Income protection gives many Australians the peace of mind that they will be safe from financial hardship if they’re unable to work due to an accident or sudden illness. It usually covers up to 75% of your income through monthly payments for a set time known as your benefit period (e.g. six months or until you turn 65).
If you’re deciding if you need income protection insurance, consider whether you and your loved ones could get by financially if something unfortunate happened and you could no longer work.
Income protection insurance cover works by insuring you for a certain percentage of your income if you’re unable to work due to illness or injury. The exact percentage of your income you’ll get from your income protection insurance claim will depend on your policy and provider, although 70% is typical. Income protection policies come in one of two forms, agreed value or indemnity value.
Agreed value policies are usually more expensive and cover you for an amount agreed upon by you and your provider when you take out the policy, regardless of your income at the time you make a claim. This type of policy is being phased out and is no longer offered to new customers. However, if you took out a policy before 31 March 2020, you may have still this type of cover.
Indemnity value policies insure you for your monthly taxable income at the time of making a claim. All new policies issued in Australia since March 2020 are indemnity value policies, which may be cheaper but will have less certainty regarding what your benefit payments will be if you have to make a claim. On the other hand, you may receive a higher payout than you would on an agreed value policy if your income grows as you age.
There may be exclusions or restrictions on certain medical conditions, so always refer to the relevant Product Disclosure Statement (PDS) to understand exactly what’s covered under your income protection policy.
Most income insurance providers are subject to the Life Insurance Code of Practice as a condition of their membership to the Financial Services Council. To read the Code of Practice, visit the Financial Services Council website.
The amount you’ll pay in income protection premiums will depend on several things, such as risk factors like age, gender, occupation and smoker status, as well as your policy’s payment structure. Your insurance premiums can come as stepped premiums or level premiums.
Stepped premiums are adjusted annually to account for the increased likelihood that you’ll make a claim as you age and your lifestyle changes. When you get a quote from an insurer, they can provide you with a table that shows how you can expect your premiums to rise over the years. People usually choose a stepped premium option to save on the early years of their policy, or if they only need insurance in the short term. It’s important to talk to a financial adviser to know if this strategy is right for you.

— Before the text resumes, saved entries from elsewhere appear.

Lemma Genocchi_binomial_identity q alpha h a S :
  near_one q -> (0 < h)%N -> (a < S)%N ->
  let G := qGenocchi absv p alpha h q in
  let Gi := qGenocchi absv p alpha h q^-1 in
  \sum_(0 <= l < (S - a).+1) 'C(S - a, l)%:R * (-1) ^+ l * (G (l + a).+1 / (l + a).+1%:R)
  = if a == 0%N then (1 + q) + q ^+ (h + 1) * (Gi S.+1 / S.+1%:R)
    else \sum_(0 <= l < a.+1) 'C(a, l)%:R * (-1) ^+ (a + l) *
           ((1 + q) + q ^+ (h + 1) * (Gi (S - l).+1 / (S - l).+1%:R)).
Proof.
move=> hq hh haS G Gi; set m := (S - a)%N.
have hm : (0 < m)%N by rewrite subn_gt0.
have hw := near_oneX (h - 1) hq; have ht := near_oneX alpha hq.
have eF := fermionic_int_lincomb hq (fun l => abs_binom_sign_le1 m l l)
  (fun l => regular_genocchi_kernel alpha (h - 1) (l + a) hq) (Fam_binomial q alpha (h - 1) a m).
have eH := fermionic_int_lincomb (near_oneV hq) (fun i => abs_binom_sign_le1 a i (a + i))
  (fun i => regular_genocchi_kernel alpha (h - 1) (m + a - i) (near_oneV hq))
  (Ham_binomial q alpha (h - 1) a m).
have := fermionic_int_Fam a hq hw ht hm; rewrite eF eH Fam0.
rewrite (_ : q ^+ 2 * q ^+ (h - 1) = q ^+ (h + 1)); last by rewrite -exprD; congr (_ ^+ _); lia.
rewrite (_ : (m + a = S)%N); last by rewrite subnK // ltnW.
move=> hsym; rewrite /G /Gi; under eq_bigr do rewrite qGenocchiE; rewrite hsym.
case: eqP => [a0 | /eqP a0] /=.
  by rewrite a0 big_nat1 subn0 qGenocchiE bin0 mulr1n !mulr1 mul1r.
rewrite mulr0n mulr0 add0r; under [RHS]eq_bigr do rewrite mulrDr qGenocchiE.
rewrite big_split /= -mulr_suml sum_binom_sign_eq0 // mul0r add0r mulr_sumr.
by apply: eq_bigr => l _; ring.
Qed.

End NonArchimedean.

Theorem mainTheorem8
  (R : realType) (K : closedFieldType) (absv : K -> R)
  (p : nat) (Hp : prime p) (Hodd : odd p) (HK : is_Cp_abs absv p)
  (q : K) (Hq : absv (q - 1) < 1)
  (alpha h : nat) (Hh : (0 < h)%N)
  (s : nat) (Hs : (2 <= s)%N) (n : 'I_s -> nat) (k : nat)
  (Hnk : (s * k < \sum_(d < s) n d)%N) :
  let S := (\sum_(d < s) n d)%N in
  let G := qGenocchi absv p alpha h q in
  let Gi := qGenocchi absv p alpha h q^-1 in
  \sum_(0 <= l < (S - s * k).+1)
     ('C(S - s * k, l))%:R * (-1) ^+ l * (G (l + s * k).+1 / ((l + s * k).+1)%:R)
  = if k == 0%N then
      (1 + q) + q ^+ (h + 1) * (Gi S.+1 / (S.+1)%:R)
    else
      \sum_(0 <= l < (s * k).+1)
        ('C(s * k, l))%:R * (-1) ^+ (s * k + l) *
        ((1 + q) + q ^+ (h + 1) * (Gi (S - l).+1 / ((S - l).+1)%:R)).
Proof.
move=> S G Gi.
case: HK => abs_ge0 [abs_eq0 [absM [absD [absp complete]]]].
pose d := Num.max (absv (q - 1)) (absv (p%:R : K)).
have hpd : absv p%:R <= d by rewrite le_max lexx orbT.
have hd1 : d < 1 by rewrite gt_max Hq absp_lt1.
have hq : near_one absv d q by rewrite /near_one le_max lexx.
rewrite -(_ : (s * k == 0)%N = (k == 0)%N); last by rewrite muln_eq0 gtn_eqF // ltnW.
exact (Genocchi_binomial_identity abs_ge0 abs_eq0 absM absD Hp absp Hodd hpd hd1 complete
  alpha hq Hh Hnk).
Qed.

Level premiums spread the cost of your insurance over the life of your policy, so you’ll be charged more than on a stepped premium policy at the start of your cover, and less in the later years. The amount you pay will depend on your age when your policy starts. If you have a policy with a level premium structure, it will typically change to a stepped structure at the review date following your 65th birthday, provided your insurance hasn’t expired.
For both premium types, your premiums can vary if the insured sum changes, either by a voluntary increase or indexation. Your insurer could also choose to increase their premium rates which would affect both stepped and level premiums. Changes in government charges like stamp duty could also lead to an increase in your premiums. For any changes to your insured sum, your premium increase will be based on your age when the increase occurs.

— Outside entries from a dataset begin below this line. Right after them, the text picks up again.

(* Let $k \ge 2$ be an integer. Then for all but finitely many positive integers $N$, there is a connected graph $G$ with $\mathrm{SW}_k(G)=N$.
   Context: For a connected graph $G$ and a subset $S \subset V(G)$, the Steiner distance $d(S)$ is the smallest number of edges in a connected subgraph of $G$ whose vertex set contains $S$. For an integer $k\ge 2$, the Steiner--Wiener $k$ index of $G$ is $\mathrm{SW}_k(G)=\sum_{S \subset V(G),\ |S|=k} d(S)$. *)

From mathcomp Require Import all_boot.
Set Implicit Arguments. Unset Strict Implicit. Unset Printing Implicit Defensive.

Section Graphs.
Variable T : finType.
Implicit Type e : rel T.

Definition simple_graph e : Prop := symmetric e /\ irreflexive e.

Definition connected_graph e : Prop :=
  0 < #|T| /\ forall x y : T, connect e x y.

Definition edges e : {set {set T}} :=
  [set f : {set T} | [exists x, exists y, (f == [set x; y]) && e x y]].

Definition edge_rel (F : {set {set T}}) : rel T := fun x y => [set x; y] \in F.

Definition steiner_subgraph e (S : {set T}) (WF : {set T} * {set {set T}}) : bool :=
  let W := WF.1 in let F := WF.2 in
  [&& F \subset edges e,
      [forall f in F, f \subset W],
      S \subset W &
      [forall x in W, forall y in W, connect (edge_rel F) x y]].

(* Steiner distance d(S): least number of edges of a connected subgraph
   whose vertex set contains S (the default #|edges e| is never reached
   when G is connected, since G itself is such a subgraph). *)
Definition steiner_dist e (S : {set T}) : nat :=
  \big[minn/#|edges e|]_(WF | steiner_subgraph e S WF) #|WF.2|.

Unlike life insurance and total and permanent disability (TPD) insurance which insure your life, income protection only insures your income, which means it may be tax deductible. There are some exceptions to this, such as if your income protection is through your super fund or if it pays a capital sum to compensate you for an injury.

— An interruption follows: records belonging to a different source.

Definition coupling (p q : X -> R) (g : X -> X -> R) : Prop :=
  [/\ (forall x y, 0 <= g x y),
      (forall x y, g x y != 0 -> p x != 0 /\ q y != 0),
      (forall x, \sum_(y \in supp q) g x y = p x) &
      (forall y, \sum_(x \in supp p) g x y = q y)].

Variable cost : X -> Rq -> X -> R.

Definition coupling_cost (p q : X -> R) (r : Rq) (g : X -> X -> R) : R :=
  \sum_(x \in supp p) \sum_(y \in supp q) g x y * cost x r y.

(** cost(pi, r, pi') : minimum (= infimum) over couplings. *)
Definition dcost (p q : X -> R) (r : Rq) : R :=
  inf [set coupling_cost p q r g | g in [set g | coupling p q g]].

Fixpoint path_cost (x : X) (rho : seq Rq) (xs : seq X) : R :=
  match rho, xs with
  | r :: rho', y :: xs' => cost x r y + path_cost y rho' xs'
  | _, _ => 0
  end.

Definition cost_opt (s0 : X) (rho : seq Rq) : R :=
  inf [set path_cost s0 rho xs | xs in [set xs : seq X | size xs = size rho]].

Definition competitive (s0 : X) (C : R) (E : seq Rq -> R) : Prop :=
  exists K : R, forall rho, E rho <= C * cost_opt s0 rho + K.

Definition valid_weights (T : Type) (s : seq (R * T)) : Prop :=
  all (fun p => 0 < p.1) s /\ \sum_(p <- s) p.1 = 1.

Definition mixture (M : Type) (s : seq (R * (Pi * M))) : X -> R :=
  fun x => \sum_(p <- s) p.1 * pmf p.2.1 x.

Fixpoint mixed_cost (M : Type) (step : Pi * M -> Rq -> seq (R * (Pi * M)))
    (k : Pi * M) (rho : seq Rq) : R :=
  match rho with
  | [::] => 0
  | r :: rho' =>
      dcost (pmf k.1) (mixture (step k r)) r
      + \sum_(p <- step k r) p.1 * mixed_cost step p.2 rho'
  end.

Definition mixed_competitive (s0 : X) (C : R) : Prop :=
  exists (M : Type) (m0 : M) (step : Pi * M -> Rq -> seq (R * (Pi * M))),
    (forall k r, valid_weights (step k r)) /\
    competitive s0 C (mixed_cost step (dirac_pi s0, m0)).

Definition det_alg := seq Rq -> X.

This is only general advice and does not take your individual circumstances into consideration. For any tax advice, consider consulting with a financial adviser or the Australian Taxation office (ATO).
Income protection insurance is designed to replace your income with regular monthly payments if you’re unable to work due to injury or illness. Life insurance pays out a lump sum in the event that you pass away or are diagnosed with a terminal illness.
Other types of life insurance (like trauma insurance and total and permanent disability [TPD] insurance) have more in common with income protection than standard life insurance, but still differ in that they pay a one lump sum instead of regular instalments. In the case of TPD insurance, you’ll only receive a payout if you’re permanently disabled and unable to return to work, while income protection can be used to keep you afloat while you recover.
Yes, being self-employed doesn’t disqualify you from taking out income protection insurance, although it might have an impact on your premiums. In fact, getting income protection can be particularly important for the self-employed, as you may need to use some of your benefit payments to keep your business going while you’re unable to work so it’s still there for you when you get back.